===== Provided entries =====
(* For the relay Markov decision process $\{(Y_n,A_n),n\ge0\}$ described in the context, there exists a stationary policy $u^*$ that minimizes the long-run average cost $V(u)=\lim_{N\to\infty}\frac{1}{N+1}E_u\big[\sum_{n=0}^N C(Y_n,A_n)\,\big|\,Y_0=(0,0)\big]$.
   Context: A relay node keeps two queues $q_1,q_2$. Time is slotted; in each slot a packet arrives to $q_i$ with probability $p_i$ ($i=1,2$), independently across queues and slots, at most one per queue per slot. $Y_n=(Y_n^1,Y_n^2)$ is the number of packets in $(q_1,q_2)$ at the end of slot $n$ just before the transmission opportunity, and $A_n\in\{0,1\}$ is the action ($0$ = do nothing, $1$ = transmit). If $Y^1_n+Y^2_n=0$ then $A_n=0$; if $Y^1_nY^2_n>0$ then $A_n=1$ (XOR-coded transmission of one packet from each queue). The state space is $\{(i,j)\in\mathbb{Z}_{\ge0}^2:\min(i,j)\le1\}$. With $\hat p_1=(1-p_1)(1-p_2)$, $\hat p_2=p_1(1-p_2)$, $\hat p_3=(1-p_1)p_2$, $\hat p_4=p_1p_2$, $[x]^+=\max(x,0)$: $P_1((i,j),([i-1]^+,[j-1]^+))=\hat p_1$, $P_1((i,j),(\max(i,1),[j-1]^+))=\hat p_2$, $P_1((i,j),([i-1]^+,\max(j,1)))=\hat p_3$, $P_1((i,j),(\max(i,1),\max(j,1)))=\hat p_4$, $P_0((i,j),(i,j))=\hat p_1$, $P_0((i,j),(i+1,j))=\hat p_2$, $P_0((i,j),(i,j+1))=\hat p_3$, $P_0((i,j),(i+1,j+1))=\hat p_4$. One-step cost: $C(Y_n,A_n)=C_h([Y^1_n-A_n]^+ + [Y^2_n-A_n]^+)+C_tA_n$, where $C_t>0$ is the transmission cost and $C_h>0$ the per-slot holding cost. *)

From Stdlib Require Import Reals List.
From Coquelicot Require Import Coquelicot.
Import ListNotations.
Open Scope R_scope.

(* States (i,j) : number of packets in (q1,q2). Actions: false = 0 (idle), true = 1 (transmit). *)
Definition state := (nat * nat)%type.
Definition act_nat (a : bool) : nat := if a then 1%nat else 0%nat.

Definition trans (p1 p2 : R) (y : state) (a : bool) : list (R * state) :=
  let '(i, j) := y in
  let ph1 := (1 - p1) * (1 - p2) in
  let ph2 := p1 * (1 - p2) in
  let ph3 := (1 - p1) * p2 in
  let ph4 := p1 * p2 in
  if a then
    [ (ph1, (i - 1, j - 1)%nat);
      (ph2, (Nat.max i 1, j - 1)%nat);
      (ph3, (i - 1, Nat.max j 1)%nat);
      (ph4, (Nat.max i 1, Nat.max j 1)) ]
  else
    [ (ph1, (i, j)); (ph2, (S i, j)); (ph3, (i, S j)); (ph4, (S i, S j)) ].

(* one-step cost C(y,a) = Ch([i-a]^+ + [j-a]^+) + Ct a  (nat subtraction is truncated) *)
Definition cost (Ch Ct : R) (y : state) (a : bool) : R :=
  Ch * INR ((fst y - act_nat a) + (snd y - act_nat a))%nat + Ct * INR (act_nat a).

(* A (history-dependent, randomized) policy: given the past history
   [(Y_0,A_0); ...; (Y_{n-1},A_{n-1})] and the current state Y_n, the
   probability of choosing A_n = 1. *)
Definition history := list (state * bool).
Definition policy := history -> state -> R.

Definition admissible (u : policy) : Prop :=
  forall (h : history) (y : state),
    0 <= u h y <= 1 /\
    ((fst y + snd y)%nat = 0%nat -> u h y = 0) /\
    ((0 < fst y * snd y)%nat -> u h y = 1).

Definition stationary (u : policy) : Prop :=
  exists f : state -> R, forall h y, u h y = f y.

Fixpoint sum_next (l : list (R * state)) (g : state -> R) : R :=
  match l with
  | [] => 0
  | (q, y') :: l' => q * g y' + sum_next l' g
  end.

(* ecost N u h y = E_u[ sum_{n=k}^{k+N} C(Y_n,A_n) | past history h, Y_k = y ] *)
Fixpoint ecost (p1 p2 Ch Ct : R) (u : policy) (N : nat) (h : history) (y : state) : R :=
  let q := u h y in
  match N with
  | O => q * cost Ch Ct y true + (1 - q) * cost Ch Ct y false
  | S N' =>
      q * (cost Ch Ct y true +
           sum_next (trans p1 p2 y true)
             (fun y' => ecost p1 p2 Ch Ct u N' (h ++ [(y, true)]) y'))
    + (1 - q) * (cost Ch Ct y false +
           sum_next (trans p1 p2 y false)
             (fun y' => ecost p1 p2 Ch Ct u N' (h ++ [(y, false)]) y'))
  end.

Definition avg_cost (p1 p2 Ch Ct : R) (u : policy) (N : nat) : R :=
  ecost p1 p2 Ch Ct u N [] (0%nat, 0%nat) / INR (S N).

Definition V (p1 p2 Ch Ct : R) (u : policy) : Rbar :=
  LimSup_seq (avg_cost p1 p2 Ch Ct u).

(* The proof verifies the average-cost optimality inequalities for a bounded relative value
   function.  Write z = Y - A (componentwise) for the post-decision state; the next state is z
   plus the arrivals.  Fix a level M with C_h M > C_t.  Along each axis, increments D_i (i <= M)
   are defined by a backward recursion from M, truncated so that D_i <= C_t, and D_i = 0 beyond
   M.  With K(i,j) = sum_{k<=i} D^1_k + sum_{k<=j} D^2_k, let h(i,j) = C_t + K(i-1,j-1) when both
   queues are non-empty and h(i,j) = K(i,j) otherwise, and choose the gain g, by the intermediate
   value theorem, so that g + K(0,0) = E h((0,0) + arrivals).  Then every allowed action
   satisfies g + h(y) <= C(y,a) + E h(Y') on the state space, with equality for the threshold
   policy "transmit from (i,0) iff D^1_i = C_t" (and symmetrically) on a set of states which
   this policy never leaves.  As h is bounded, summing over N+1 slots gives
   E_u[sum C] >= (N+1) g - O(1) for every policy u and <= (N+1) g + O(1) for the threshold
   policy, whose average cost therefore converges to g. *)

From Stdlib Require Import Reals List Lra Lia.
From Coquelicot Require Import Coquelicot.
Import ListNotations.
Open Scope R_scope.

(** * Expected costs *)

Lemma sum_next_le (l : list (R * state)) (f f' : state -> R) :
  (forall q y, In (q, y) l -> 0 <= q /\ f y <= f' y) ->
  sum_next l f <= sum_next l f'.
Proof.
  induction l as [|[q y] l IH]; intro Hl; simpl; [lra|].
  destruct (Hl q y (or_introl eq_refl)) as [Hq Hf].
  assert (Hrest : sum_next l f <= sum_next l f')
    by (apply IH; intros q' y' Hin; apply Hl; right; exact Hin).
  nra.
Qed.

Lemma trans_weight_nonneg p1 p2 y a q y' :
  0 <= p1 <= 1 -> 0 <= p2 <= 1 -> In (q, y') (trans p1 p2 y a) -> 0 <= q.
Proof.
  intros Hp1 Hp2; destruct y as [i j], a; simpl;
    intros [E|[E|[E|[E|[]]]]]; injection E as <- _; nra.
Qed.

Lemma sum_next_trans_shift p1 p2 y a c (f : state -> R) :
  sum_next (trans p1 p2 y a) (fun y' => c + f y') = c + sum_next (trans p1 p2 y a) f.
Proof. destruct y, a; simpl; ring. Qed.

Definition post (y : state) (a : bool) : state :=
  (fst y - act_nat a, snd y - act_nat a)%nat.

Definition arrivals (p1 p2 : R) (z : state) : list (R * state) :=
  let '(i, j) := z in
  [ ((1 - p1) * (1 - p2), (i, j)); (p1 * (1 - p2), (S i, j));
    ((1 - p1) * p2, (i, S j)); (p1 * p2, (S i, S j)) ].

Lemma trans_post p1 p2 y a : trans p1 p2 y a = arrivals p1 p2 (post y a).
Proof.
  destruct y as [i j], a; unfold post; simpl.
  - replace (Nat.max i 1) with (S (i - 1)) by lia.
    replace (Nat.max j 1) with (S (j - 1)) by lia. reflexivity.
  - rewrite !Nat.sub_0_r. reflexivity.
Qed.

Lemma cost_post Ch Ct y a :
  cost Ch Ct y a = Ch * INR (fst (post y a) + snd (post y a)) + Ct * INR (act_nat a).
Proof. reflexivity. Qed.

Lemma In_arrivals p1 p2 z q y : In (q, y) (arrivals p1 p2 z) ->
  y = z \/ y = (S (fst z), snd z) \/ y = (fst z, S (snd z)) \/ y = (S (fst z), S (snd z)).
Proof.
  destruct z as [i j]; simpl; intros [E|[E|[E|[E|[]]]]]; injection E as _ <-; tauto.
Qed.

Definition allowed (y : state) (a : bool) : Prop :=
  if a then (fst y + snd y <> 0)%nat else (fst y * snd y = 0)%nat.

Definition in_space (y : state) : Prop := (fst y <= 1 \/ snd y <= 1)%nat.

Lemma post_on_axis y a : in_space y -> allowed y a ->
  (fst (post y a) = 0 \/ snd (post y a) = 0)%nat.
Proof. destruct y as [i j], a; unfold in_space, allowed, post; simpl; nia. Qed.

Lemma in_space_closed p1 p2 y a q y' :
  in_space y -> allowed y a -> In (q, y') (trans p1 p2 y a) -> in_space y'.
Proof.
  intros Hy Ha Hin; rewrite trans_post in Hin.
  pose proof (post_on_axis y a Hy Ha) as Hax.
  destruct (In_arrivals _ _ _ _ _ Hin) as [-> | [-> | [-> | ->]]];
    unfold in_space; cbn [fst snd]; lia.
Qed.

Lemma allowed_true_of_pos u hist y : admissible u -> 0 < u hist y -> allowed y true.
Proof.
  intros Hu Hpos E. destruct (Hu hist y) as (_ & H0 & _). rewrite (H0 E) in Hpos. lra.
Qed.

Lemma allowed_false_of_lt1 u hist y : admissible u -> u hist y < 1 -> allowed y false.
Proof.
  intros Hu Hlt. unfold allowed. destruct (Hu hist y) as (_ & _ & H1).
  destruct (Nat.eq_dec (fst y * snd y) 0) as [|Hne]; [assumption|].
  rewrite H1 in Hlt by lia. lra.
Qed.

Definition markov_policy (act : state -> bool) : policy := fun _ y => if act y then 1 else 0.

Lemma markov_policy_admissible act :
  (forall y, allowed y (act y)) -> admissible (markov_policy act).
Proof.
  intros Hact hist y. unfold markov_policy. specialize (Hact y). unfold allowed in Hact.
  destruct (act y); repeat split; intros; lra || lia.
Qed.

Lemma markov_policy_stationary act : stationary (markov_policy act).
Proof. exists (fun y => if act y then 1 else 0). reflexivity. Qed.

Lemma Rle_convex_comb q T X1 X0 : 0 <= q <= 1 ->
  (0 < q -> T <= X1) -> (q < 1 -> T <= X0) -> T <= q * X1 + (1 - q) * X0.
Proof.
  intros Hq H1 H0.
  destruct (Req_dec q 0) as [->|Hq0]; [specialize (H0 ltac:(lra)); lra|].
  destruct (Req_dec q 1) as [->|Hq1]; [specialize (H1 ltac:(lra)); lra|].
  specialize (H1 ltac:(lra)); specialize (H0 ltac:(lra)); nra.
Qed.

Definition ecost_tail p1 p2 Ch Ct (u : policy) (N : nat) (hist : history) (y : state) (a : bool)
  (y' : state) : R :=
  match N with
  | O => 0
  | S N' => ecost p1 p2 Ch Ct u N' (hist ++ [(y, a)]) y'
  end.

Lemma ecost_unfold p1 p2 Ch Ct u N hist y :
  ecost p1 p2 Ch Ct u N hist y =
    u hist y * (cost Ch Ct y true
                + sum_next (trans p1 p2 y true) (ecost_tail p1 p2 Ch Ct u N hist y true))
  + (1 - u hist y) * (cost Ch Ct y false
                + sum_next (trans p1 p2 y false) (ecost_tail p1 p2 Ch Ct u N hist y false)).
Proof. destruct N; [destruct y; simpl; ring | reflexivity]. Qed.

Lemma ecost_markov_unfold p1 p2 Ch Ct act N hist y :
  ecost p1 p2 Ch Ct (markov_policy act) N hist y =
    cost Ch Ct y (act y) + sum_next (trans p1 p2 y (act y))
                             (ecost_tail p1 p2 Ch Ct (markov_policy act) N hist y (act y)).
Proof. rewrite ecost_unfold; unfold markov_policy; destruct (act y); ring. Qed.

Lemma Rdiv_ge_shift k g c E : 0 < k -> k * g + c <= E -> g + c / k <= E / k.
Proof.
  intros Hk H. apply Rle_div_r; [exact Hk|].
  replace ((g + c / k) * k) with (k * g + c) by (field; lra). exact H.
Qed.

Lemma Rdiv_le_shift k g c E : 0 < k -> E <= k * g + c -> E / k <= g + c / k.
Proof.
  intros Hk H. apply Rle_div_l; [exact Hk|].
  replace ((g + c / k) * k) with (k * g + c) by (field; lra). exact H.
Qed.

Lemma is_lim_seq_harmonic_shift g c : is_lim_seq (fun n => g + c / INR (S n)) g.
Proof.
  assert (Hinv : is_lim_seq (fun n => / INR (S n)) 0).
  { replace (Finite 0) with (Rbar_inv p_infty) by reflexivity.
    apply is_lim_seq_inv; [|discriminate].
    apply (is_lim_seq_incr_1 INR), is_lim_seq_INR. }
  pose proof (is_lim_seq_plus' _ _ g (c * 0) (is_lim_seq_const g)
                (is_lim_seq_scal_l _ c 0 Hinv)) as H.
  rewrite Rmult_0_r, Rplus_0_r in H. exact H.
Qed.

(** * Verification of the optimality inequalities *)

Section Verification.
Variables (p1 p2 Ch Ct g B : R) (h : state -> R).
Hypotheses (Hp1 : 0 <= p1 <= 1) (Hp2 : 0 <= p2 <= 1).
Hypothesis h_bound : forall y, Rabs (h y) <= B.

Variable dom : state -> Prop.
Hypothesis dom_closed :
  forall y a q y', dom y -> allowed y a -> In (q, y') (trans p1 p2 y a) -> dom y'.
Hypothesis h_subsolution : forall y a, dom y -> allowed y a ->
  g + h y <= cost Ch Ct y a + sum_next (trans p1 p2 y a) h.

Variables (act : state -> bool) (good : state -> Prop).
Hypothesis good_closed :
  forall y q y', good y -> In (q, y') (trans p1 p2 y (act y)) -> good y'.
Hypothesis h_supersolution : forall y, good y ->
  cost Ch Ct y (act y) + sum_next (trans p1 p2 y (act y)) h <= g + h y.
=====
--- Task item ---
What do the lines above say from the one containing "destruct (Hl q" down to the one containing "0 <= p1 <= 1 -> 0"? Return them exactly, both end lines included, and only them.

--- Exercise result ---
  destruct (Hl q y (or_introl eq_refl)) as [Hq Hf].
  assert (Hrest : sum_next l f <= sum_next l f')
    by (apply IH; intros q' y' Hin; apply Hl; right; exact Hin).
  nra.
Qed.

Lemma trans_weight_nonneg p1 p2 y a q y' :
  0 <= p1 <= 1 -> 0 <= p2 <= 1 -> In (q, y') (trans p1 p2 y a) -> 0 <= q.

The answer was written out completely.